Men with renal impairment: Dose adjustments are not required in patients with mild to moderate renal impairment. For patients with severe renal impairment 10 mg is the maximum recommended dose. Once-a-day dosing of tadalafil is not recommended in patients with severe renal impairment.
Men with hepatic impairment: The recommended dose of Tadalafil is 10 mg taken prior to anticipated sexual activity and with or without food. There is limited clinical data on the safety of Tadalafil in patients with severe hepatic impairment (Child-Pugh Class C); if prescribed, a careful individual benefit/risk evaluation should be undertaken by the prescribing physician. There are no available data about the administration of doses higher than 10 mg of tadalafil to patients with hepatic impairment. Once-a-day dosing has not been evaluated in patients with hepatic impairment; therefore if prescribed, a careful individual benefit/risk evaluation should be undertaken by the prescribing physician.
Men with diabetes: Dose adjustments are not required in diabetic patients.
Paediatric population: There is no relevant use of Tadalafil in the paediatric population with regard to the treatment of erectile dysfunction.
Single doses up to 500 mg have been given to healthy subjects, and multiple daily doses up to 100 mg have been given to patient. Adverse events were similar to those seen at lower doses. In cases of overdose, standard supportive measures should be adopted, as required. Hemodialysis contributes negligibly to tadalafil elimination.
Hypersensitivity to the active substance or to any of the excipients in the drug products.
Tadalafil was shown to augment the hypotensive effects of nitrates. This is thought to result from the combined effects of nitrates and tadalafil on the nitric oxide/cGMP pathway. Therefore, administration of tadalafil to patients who are using any form of organic nitrate is contraindicated.

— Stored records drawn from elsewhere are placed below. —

(* Let $g=\frac{\sqrt5-1}2$, $g\le\alpha<\beta\le1$, and $(x,y)\in\Omega_\alpha$ with $y<1-\frac1{\sqrt2}$. Then $S(x,y)\cap\Omega_\beta\ne\emptyset$.
   Context: For $\alpha\in[\tfrac12,1]$: $T_\alpha(x)=\frac1x-\lfloor\frac1x+1-\alpha\rfloor$ on $[\alpha-1,\alpha)\setminus\{0\}$, $T_\alpha(0)=0$; $\mathcal T_\alpha(x,y)=\left(T_\alpha(x),\frac{1}{y+\lfloor\frac1x+1-\alpha\rfloor}\right)$ for $x\ne0$, $\mathcal T_\alpha(0,y)=(0,0)$; $\Omega_\alpha=\bigcup_{n\ge0}\overline{\mathcal T_\alpha^n([\alpha-1,\alpha)\times\{0\})}$. For a point $(x,y)$, $S(x,y)=\{(x,y),(-x,-y),(x+1,\frac{y}{1-y}),(1-x,\frac{-y}{y+1})\}$. *)

From Stdlib Require Import Reals.
Open Scope R_scope.

(* floor on R: Int_part r = up r - 1 is the usual floor *)
Definition Rfloor (r : R) : R := IZR (Int_part r).

Definition digit (alpha x : R) : R := Rfloor (/ x + 1 - alpha).

(* T_alpha, totalised (only used on [alpha-1, alpha)) *)
Definition T (alpha x : R) : R :=
  if Req_EM_T x 0 then 0 else / x - digit alpha x.

Definition calT (alpha : R) (p : R * R) : R * R :=
  if Req_EM_T (fst p) 0 then (0, 0)
  else (T alpha (fst p), / (snd p + digit alpha (fst p))).

Definition img (alpha : R) (n : nat) (p : R * R) : Prop :=
  exists x, alpha - 1 <= x < alpha /\ Nat.iter n (calT alpha) (x, 0) = p.

Definition closure (A : R * R -> Prop) (p : R * R) : Prop :=
  forall eps, 0 < eps -> exists q, A q /\
    Rabs (fst p - fst q) < eps /\ Rabs (snd p - snd q) < eps.

Definition Omega (alpha : R) (p : R * R) : Prop :=
  exists n : nat, closure (img alpha n) p.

Tadalafil must not be used in men with cardiac disease for whom sexual activity is inadvisable. Physicians should consider the potential cardiac risk of sexual activity in patients with pre-existing cardiovascular disease.
The use of tadalafil is contraindicated in the following groups of patients with cardiovascular disease: Patients with myocardial infarction within the last 90 days; Patients with unstable angina or angina occurring during sexual intercourse; Patients with New York Heart Association Class 2 or greater heart failure in the last 6 months; Patients with uncontrolled arrhythmias, hypotension (<90/50 mm Hg), or uncontrolled hypertension; Patients with a stroke within the last 6 months.
Tadalafil is contraindicated in patients who have loss of vision in one eye because of non-arteritic anterior ischaemic optic neuropathy (NAION), regardless of whether this episode was in connection or not with previous PDE5 inhibitor exposure.
The co-administration of PDE5 inhibitors, including tadalafil, with guanylate cyclase stimulators, such as riociguat, is contraindicated as it may potentially lead to symptomatic hypotension.
Before treatment with tadalafil: A medical history and physical examination should be undertaken to diagnose erectile dysfunction or benign prostatic hyperplasia and determine potential underlying causes, before pharmacological treatment is considered.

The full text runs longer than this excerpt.